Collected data
..............................

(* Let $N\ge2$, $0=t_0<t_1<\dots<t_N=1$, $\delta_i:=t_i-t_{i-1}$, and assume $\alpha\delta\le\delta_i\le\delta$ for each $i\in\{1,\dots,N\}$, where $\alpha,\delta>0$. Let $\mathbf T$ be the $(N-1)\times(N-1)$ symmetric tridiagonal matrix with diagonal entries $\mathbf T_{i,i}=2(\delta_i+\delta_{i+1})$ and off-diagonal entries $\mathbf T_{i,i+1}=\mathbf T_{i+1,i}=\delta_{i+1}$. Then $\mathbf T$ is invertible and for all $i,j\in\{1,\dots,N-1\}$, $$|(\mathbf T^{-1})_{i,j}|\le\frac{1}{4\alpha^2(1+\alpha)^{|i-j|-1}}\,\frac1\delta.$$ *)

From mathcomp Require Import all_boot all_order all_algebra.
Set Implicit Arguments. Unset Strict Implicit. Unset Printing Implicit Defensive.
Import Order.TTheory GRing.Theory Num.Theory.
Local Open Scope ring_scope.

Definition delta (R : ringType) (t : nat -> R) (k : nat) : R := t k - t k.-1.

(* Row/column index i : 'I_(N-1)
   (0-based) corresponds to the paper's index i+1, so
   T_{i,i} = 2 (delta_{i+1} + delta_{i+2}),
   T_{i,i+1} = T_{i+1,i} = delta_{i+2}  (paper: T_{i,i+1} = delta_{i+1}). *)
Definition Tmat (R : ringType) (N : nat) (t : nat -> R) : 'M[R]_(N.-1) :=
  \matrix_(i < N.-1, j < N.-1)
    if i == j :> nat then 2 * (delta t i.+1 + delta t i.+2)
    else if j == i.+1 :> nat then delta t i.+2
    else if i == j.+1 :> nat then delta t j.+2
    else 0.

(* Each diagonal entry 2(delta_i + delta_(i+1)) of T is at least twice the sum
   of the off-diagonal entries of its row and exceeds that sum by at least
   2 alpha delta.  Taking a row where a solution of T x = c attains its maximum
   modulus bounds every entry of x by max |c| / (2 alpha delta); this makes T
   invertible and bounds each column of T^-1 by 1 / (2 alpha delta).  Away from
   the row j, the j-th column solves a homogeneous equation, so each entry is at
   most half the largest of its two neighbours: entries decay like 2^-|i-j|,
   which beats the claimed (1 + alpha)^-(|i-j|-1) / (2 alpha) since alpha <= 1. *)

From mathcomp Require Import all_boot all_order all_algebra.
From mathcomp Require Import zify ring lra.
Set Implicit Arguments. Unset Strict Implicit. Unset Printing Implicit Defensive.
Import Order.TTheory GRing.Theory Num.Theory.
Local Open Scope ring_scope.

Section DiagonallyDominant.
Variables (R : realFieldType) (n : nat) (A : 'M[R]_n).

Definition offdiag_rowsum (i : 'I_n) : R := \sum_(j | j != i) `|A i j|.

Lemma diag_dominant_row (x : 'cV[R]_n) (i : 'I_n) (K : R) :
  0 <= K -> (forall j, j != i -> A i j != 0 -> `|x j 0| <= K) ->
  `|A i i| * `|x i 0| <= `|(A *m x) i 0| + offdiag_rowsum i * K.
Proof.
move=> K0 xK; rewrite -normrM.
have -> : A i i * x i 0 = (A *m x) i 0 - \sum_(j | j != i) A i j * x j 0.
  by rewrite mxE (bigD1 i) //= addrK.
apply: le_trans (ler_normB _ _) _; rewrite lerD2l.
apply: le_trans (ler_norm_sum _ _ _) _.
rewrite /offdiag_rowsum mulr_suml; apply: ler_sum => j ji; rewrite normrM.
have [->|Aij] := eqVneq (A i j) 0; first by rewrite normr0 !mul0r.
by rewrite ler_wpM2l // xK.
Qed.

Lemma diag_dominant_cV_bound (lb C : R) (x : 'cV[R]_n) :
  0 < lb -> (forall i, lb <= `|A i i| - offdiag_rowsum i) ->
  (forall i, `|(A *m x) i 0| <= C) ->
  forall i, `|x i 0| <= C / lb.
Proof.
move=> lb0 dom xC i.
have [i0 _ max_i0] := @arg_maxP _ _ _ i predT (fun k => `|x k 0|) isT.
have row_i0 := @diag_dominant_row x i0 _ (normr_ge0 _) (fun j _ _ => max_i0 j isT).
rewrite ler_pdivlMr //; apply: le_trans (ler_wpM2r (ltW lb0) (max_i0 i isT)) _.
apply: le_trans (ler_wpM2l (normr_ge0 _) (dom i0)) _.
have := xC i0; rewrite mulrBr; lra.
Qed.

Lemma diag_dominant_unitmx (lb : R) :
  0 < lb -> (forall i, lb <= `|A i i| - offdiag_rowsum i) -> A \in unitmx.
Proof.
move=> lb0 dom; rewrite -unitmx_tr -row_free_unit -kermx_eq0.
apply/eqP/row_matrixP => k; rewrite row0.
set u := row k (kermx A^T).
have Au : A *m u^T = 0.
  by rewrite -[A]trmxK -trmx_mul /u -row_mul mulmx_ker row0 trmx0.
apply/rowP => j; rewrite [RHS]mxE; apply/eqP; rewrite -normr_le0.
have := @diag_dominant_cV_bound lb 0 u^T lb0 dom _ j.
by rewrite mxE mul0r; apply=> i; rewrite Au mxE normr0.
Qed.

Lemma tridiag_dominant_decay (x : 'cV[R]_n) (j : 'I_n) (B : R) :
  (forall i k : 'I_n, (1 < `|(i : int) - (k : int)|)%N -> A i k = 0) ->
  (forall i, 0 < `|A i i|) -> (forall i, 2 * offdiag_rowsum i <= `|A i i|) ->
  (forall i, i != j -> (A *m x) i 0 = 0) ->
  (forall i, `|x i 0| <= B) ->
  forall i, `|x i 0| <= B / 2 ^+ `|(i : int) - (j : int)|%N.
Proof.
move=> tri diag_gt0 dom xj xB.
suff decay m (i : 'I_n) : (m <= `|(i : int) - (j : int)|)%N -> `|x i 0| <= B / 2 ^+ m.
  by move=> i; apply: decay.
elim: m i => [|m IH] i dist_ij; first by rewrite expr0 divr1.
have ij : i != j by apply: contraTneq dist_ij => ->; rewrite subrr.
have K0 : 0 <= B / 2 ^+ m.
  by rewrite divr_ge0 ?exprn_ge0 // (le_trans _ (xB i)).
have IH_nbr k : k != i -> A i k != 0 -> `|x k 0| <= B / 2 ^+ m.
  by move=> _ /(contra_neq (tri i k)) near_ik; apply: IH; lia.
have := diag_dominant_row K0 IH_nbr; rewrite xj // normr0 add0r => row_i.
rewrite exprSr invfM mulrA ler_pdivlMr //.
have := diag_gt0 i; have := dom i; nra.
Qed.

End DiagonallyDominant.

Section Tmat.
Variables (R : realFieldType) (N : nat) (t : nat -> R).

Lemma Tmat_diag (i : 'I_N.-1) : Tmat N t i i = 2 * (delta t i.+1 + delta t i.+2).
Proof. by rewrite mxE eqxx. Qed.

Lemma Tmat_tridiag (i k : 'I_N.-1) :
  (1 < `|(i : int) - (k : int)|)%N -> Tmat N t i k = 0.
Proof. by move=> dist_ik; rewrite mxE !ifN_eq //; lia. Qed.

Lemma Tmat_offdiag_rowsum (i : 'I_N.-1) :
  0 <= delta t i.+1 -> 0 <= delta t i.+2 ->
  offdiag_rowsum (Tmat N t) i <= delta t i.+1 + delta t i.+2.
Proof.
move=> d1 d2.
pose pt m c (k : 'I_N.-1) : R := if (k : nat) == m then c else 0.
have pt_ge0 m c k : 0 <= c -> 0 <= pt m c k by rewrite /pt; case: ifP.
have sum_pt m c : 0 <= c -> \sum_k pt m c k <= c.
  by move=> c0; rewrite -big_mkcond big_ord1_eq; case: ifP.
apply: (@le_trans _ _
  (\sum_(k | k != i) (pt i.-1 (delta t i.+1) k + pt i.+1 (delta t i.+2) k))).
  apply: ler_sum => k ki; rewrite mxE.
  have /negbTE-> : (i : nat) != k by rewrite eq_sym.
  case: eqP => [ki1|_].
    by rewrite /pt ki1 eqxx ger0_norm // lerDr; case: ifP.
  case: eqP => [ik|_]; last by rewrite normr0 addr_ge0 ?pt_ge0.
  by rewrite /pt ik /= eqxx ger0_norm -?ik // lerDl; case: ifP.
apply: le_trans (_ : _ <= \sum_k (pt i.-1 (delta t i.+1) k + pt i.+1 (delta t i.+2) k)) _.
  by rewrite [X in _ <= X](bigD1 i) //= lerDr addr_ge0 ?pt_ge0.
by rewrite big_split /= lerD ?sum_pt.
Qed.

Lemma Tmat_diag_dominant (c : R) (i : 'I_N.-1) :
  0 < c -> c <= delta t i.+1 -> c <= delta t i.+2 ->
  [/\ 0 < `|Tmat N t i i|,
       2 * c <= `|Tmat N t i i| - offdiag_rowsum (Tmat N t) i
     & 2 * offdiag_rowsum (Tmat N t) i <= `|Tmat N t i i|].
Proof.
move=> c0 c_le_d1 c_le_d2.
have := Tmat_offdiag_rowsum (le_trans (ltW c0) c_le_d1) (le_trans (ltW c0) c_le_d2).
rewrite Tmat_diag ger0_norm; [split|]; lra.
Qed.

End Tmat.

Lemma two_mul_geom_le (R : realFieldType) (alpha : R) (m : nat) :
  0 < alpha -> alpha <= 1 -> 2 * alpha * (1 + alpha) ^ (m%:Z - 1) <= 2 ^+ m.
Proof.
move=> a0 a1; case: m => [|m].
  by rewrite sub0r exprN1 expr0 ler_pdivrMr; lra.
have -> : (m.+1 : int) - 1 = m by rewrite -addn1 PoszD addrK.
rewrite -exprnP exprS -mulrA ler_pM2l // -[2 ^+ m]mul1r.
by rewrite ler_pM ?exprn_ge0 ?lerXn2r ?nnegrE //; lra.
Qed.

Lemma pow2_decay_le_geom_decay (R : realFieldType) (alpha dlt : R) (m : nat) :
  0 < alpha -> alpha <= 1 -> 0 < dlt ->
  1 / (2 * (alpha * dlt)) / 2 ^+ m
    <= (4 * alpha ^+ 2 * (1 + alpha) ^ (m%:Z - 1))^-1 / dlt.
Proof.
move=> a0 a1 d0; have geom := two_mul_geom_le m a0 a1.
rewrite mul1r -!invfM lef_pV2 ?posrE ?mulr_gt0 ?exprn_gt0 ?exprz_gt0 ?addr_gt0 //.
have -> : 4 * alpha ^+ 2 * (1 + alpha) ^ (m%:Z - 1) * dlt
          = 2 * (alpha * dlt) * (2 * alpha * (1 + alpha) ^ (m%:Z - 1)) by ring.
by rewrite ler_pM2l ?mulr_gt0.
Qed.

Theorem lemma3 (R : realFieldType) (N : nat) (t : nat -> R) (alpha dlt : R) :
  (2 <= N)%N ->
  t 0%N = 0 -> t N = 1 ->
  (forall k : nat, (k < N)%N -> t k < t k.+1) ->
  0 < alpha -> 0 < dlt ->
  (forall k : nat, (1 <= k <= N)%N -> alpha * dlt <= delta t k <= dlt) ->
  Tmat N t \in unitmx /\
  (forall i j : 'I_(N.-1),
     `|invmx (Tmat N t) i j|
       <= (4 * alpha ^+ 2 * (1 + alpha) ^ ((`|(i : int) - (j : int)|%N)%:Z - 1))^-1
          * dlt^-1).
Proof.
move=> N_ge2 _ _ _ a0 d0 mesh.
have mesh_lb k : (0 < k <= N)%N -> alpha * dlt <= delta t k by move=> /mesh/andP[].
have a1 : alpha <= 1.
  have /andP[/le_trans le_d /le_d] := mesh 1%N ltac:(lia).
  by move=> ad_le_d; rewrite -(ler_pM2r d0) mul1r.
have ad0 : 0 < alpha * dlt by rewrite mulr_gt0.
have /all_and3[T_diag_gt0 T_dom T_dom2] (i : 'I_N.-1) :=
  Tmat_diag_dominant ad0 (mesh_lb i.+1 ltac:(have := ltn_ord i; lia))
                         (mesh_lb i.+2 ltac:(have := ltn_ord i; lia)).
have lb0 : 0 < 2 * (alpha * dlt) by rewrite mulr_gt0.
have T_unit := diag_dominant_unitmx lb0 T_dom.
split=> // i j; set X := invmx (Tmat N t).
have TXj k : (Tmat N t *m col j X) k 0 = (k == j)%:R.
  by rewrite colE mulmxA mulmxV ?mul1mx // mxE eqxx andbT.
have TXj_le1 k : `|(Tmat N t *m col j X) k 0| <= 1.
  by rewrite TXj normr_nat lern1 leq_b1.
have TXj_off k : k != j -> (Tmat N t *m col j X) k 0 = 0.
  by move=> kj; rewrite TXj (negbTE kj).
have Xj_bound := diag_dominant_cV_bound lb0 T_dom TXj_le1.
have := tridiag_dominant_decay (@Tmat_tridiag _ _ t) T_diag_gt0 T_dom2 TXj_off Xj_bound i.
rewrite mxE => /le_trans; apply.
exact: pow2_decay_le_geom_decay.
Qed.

..............................

◆ What to produce
All that is wanted is a faithful reproduction of the line above with "move=> lb0 dom xC i.", the line with "(forall i, 0", and every line in between.

◆ Result of this task
move=> lb0 dom xC i.
have [i0 _ max_i0] := @arg_maxP _ _ _ i predT (fun k => `|x k 0|) isT.
have row_i0 := @diag_dominant_row x i0 _ (normr_ge0 _) (fun j _ _ => max_i0 j isT).
rewrite ler_pdivlMr //; apply: le_trans (ler_wpM2r (ltW lb0) (max_i0 i isT)) _.
apply: le_trans (ler_wpM2l (normr_ge0 _) (dom i0)) _.
have := xC i0; rewrite mulrBr; lra.
Qed.

Lemma diag_dominant_unitmx (lb : R) :
  0 < lb -> (forall i, lb <= `|A i i| - offdiag_rowsum i) -> A \in unitmx.
Proof.
move=> lb0 dom; rewrite -unitmx_tr -row_free_unit -kermx_eq0.
apply/eqP/row_matrixP => k; rewrite row0.
set u := row k (kermx A^T).
have Au : A *m u^T = 0.
  by rewrite -[A]trmxK -trmx_mul /u -row_mul mulmx_ker row0 trmx0.
apply/rowP => j; rewrite [RHS]mxE; apply/eqP; rewrite -normr_le0.
have := @diag_dominant_cV_bound lb 0 u^T lb0 dom _ j.
by rewrite mxE mul0r; apply=> i; rewrite Au mxE normr0.
Qed.

Lemma tridiag_dominant_decay (x : 'cV[R]_n) (j : 'I_n) (B : R) :
  (forall i k : 'I_n, (1 < `|(i : int) - (k : int)|)%N -> A i k = 0) ->
  (forall i, 0 < `|A i i|) -> (forall i, 2 * offdiag_rowsum i <= `|A i i|) ->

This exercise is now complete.